**WHAT IS BEING ASKED:** Say how many lines of the entries below include "exists", giving nothing but that number.

PROVIDED RECORDS Block Start

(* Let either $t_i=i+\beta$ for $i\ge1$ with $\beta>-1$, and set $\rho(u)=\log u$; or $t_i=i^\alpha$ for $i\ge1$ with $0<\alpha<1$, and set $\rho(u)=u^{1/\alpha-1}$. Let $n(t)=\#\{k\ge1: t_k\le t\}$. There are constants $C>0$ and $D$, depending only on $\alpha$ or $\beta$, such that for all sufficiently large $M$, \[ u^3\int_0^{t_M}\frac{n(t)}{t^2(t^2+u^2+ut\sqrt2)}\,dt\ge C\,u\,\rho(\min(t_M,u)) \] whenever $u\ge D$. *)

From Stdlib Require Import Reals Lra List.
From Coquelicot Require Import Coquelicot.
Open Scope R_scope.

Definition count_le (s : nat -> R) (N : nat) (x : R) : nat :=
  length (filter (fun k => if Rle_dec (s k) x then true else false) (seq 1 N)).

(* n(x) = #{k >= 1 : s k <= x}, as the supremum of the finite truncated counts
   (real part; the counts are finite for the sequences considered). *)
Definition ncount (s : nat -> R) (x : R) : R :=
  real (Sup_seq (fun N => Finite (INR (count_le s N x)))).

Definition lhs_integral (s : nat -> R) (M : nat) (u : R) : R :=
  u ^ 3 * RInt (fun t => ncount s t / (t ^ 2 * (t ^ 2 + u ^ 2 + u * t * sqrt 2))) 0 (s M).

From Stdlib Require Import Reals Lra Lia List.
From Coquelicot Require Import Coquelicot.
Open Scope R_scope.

PROVIDED RECORDS Block End
PROVIDED RECORDS Block Start

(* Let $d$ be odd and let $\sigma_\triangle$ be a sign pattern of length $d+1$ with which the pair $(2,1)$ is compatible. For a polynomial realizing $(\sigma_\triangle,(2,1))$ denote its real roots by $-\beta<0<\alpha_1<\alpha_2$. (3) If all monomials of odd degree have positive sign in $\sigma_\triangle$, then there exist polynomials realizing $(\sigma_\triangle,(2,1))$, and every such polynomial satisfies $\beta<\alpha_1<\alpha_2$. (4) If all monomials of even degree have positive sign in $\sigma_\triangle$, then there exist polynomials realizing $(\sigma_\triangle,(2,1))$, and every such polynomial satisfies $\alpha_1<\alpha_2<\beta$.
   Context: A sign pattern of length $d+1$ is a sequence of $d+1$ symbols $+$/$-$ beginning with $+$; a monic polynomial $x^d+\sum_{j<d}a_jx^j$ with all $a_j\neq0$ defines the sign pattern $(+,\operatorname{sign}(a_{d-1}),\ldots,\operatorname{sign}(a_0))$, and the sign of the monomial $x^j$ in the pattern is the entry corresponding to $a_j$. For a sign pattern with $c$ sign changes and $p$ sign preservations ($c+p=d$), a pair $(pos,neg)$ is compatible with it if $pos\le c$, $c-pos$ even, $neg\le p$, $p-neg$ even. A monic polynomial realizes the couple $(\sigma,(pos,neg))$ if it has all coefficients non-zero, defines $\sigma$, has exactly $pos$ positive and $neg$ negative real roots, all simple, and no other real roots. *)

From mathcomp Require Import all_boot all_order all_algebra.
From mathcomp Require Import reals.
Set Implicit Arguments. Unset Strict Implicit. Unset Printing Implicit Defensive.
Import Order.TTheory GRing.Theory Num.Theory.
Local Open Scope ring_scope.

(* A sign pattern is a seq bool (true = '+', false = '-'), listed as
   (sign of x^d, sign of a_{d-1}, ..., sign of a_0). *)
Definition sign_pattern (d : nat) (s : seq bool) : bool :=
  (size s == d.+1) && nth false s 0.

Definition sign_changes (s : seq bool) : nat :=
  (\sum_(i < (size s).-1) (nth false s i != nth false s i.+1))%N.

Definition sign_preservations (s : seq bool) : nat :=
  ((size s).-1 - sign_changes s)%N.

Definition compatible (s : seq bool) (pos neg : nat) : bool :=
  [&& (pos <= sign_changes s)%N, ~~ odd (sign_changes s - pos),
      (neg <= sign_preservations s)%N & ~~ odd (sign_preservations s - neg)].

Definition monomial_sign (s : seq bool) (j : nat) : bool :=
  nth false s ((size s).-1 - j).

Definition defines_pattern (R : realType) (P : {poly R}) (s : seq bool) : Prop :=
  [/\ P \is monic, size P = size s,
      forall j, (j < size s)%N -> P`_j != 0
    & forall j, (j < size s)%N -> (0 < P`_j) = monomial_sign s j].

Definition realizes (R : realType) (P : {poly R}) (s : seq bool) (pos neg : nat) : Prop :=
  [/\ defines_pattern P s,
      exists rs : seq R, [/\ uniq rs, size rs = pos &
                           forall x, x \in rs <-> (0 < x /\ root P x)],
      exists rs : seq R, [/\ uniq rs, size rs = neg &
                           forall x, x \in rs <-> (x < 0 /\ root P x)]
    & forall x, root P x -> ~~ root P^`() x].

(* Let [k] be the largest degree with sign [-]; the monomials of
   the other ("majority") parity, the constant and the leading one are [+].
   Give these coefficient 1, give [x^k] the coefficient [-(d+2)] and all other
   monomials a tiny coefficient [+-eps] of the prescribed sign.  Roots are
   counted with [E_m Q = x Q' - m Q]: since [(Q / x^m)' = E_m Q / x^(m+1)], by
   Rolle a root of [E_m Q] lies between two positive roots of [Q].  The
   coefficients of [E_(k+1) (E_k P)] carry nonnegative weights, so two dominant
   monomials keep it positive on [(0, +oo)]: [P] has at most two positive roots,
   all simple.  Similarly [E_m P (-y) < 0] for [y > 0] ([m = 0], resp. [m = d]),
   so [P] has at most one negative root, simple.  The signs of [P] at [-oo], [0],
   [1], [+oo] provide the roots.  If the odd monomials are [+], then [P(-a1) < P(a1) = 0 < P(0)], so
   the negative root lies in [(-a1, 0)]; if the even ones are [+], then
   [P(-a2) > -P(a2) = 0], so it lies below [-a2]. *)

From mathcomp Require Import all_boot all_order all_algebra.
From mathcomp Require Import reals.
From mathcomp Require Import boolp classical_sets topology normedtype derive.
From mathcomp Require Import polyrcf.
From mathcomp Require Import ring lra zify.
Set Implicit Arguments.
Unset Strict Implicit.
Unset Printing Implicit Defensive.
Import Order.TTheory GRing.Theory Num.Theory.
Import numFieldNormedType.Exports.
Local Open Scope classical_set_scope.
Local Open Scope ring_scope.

PROVIDED RECORDS Block End

**REPLY TO THE EXERCISE:** 2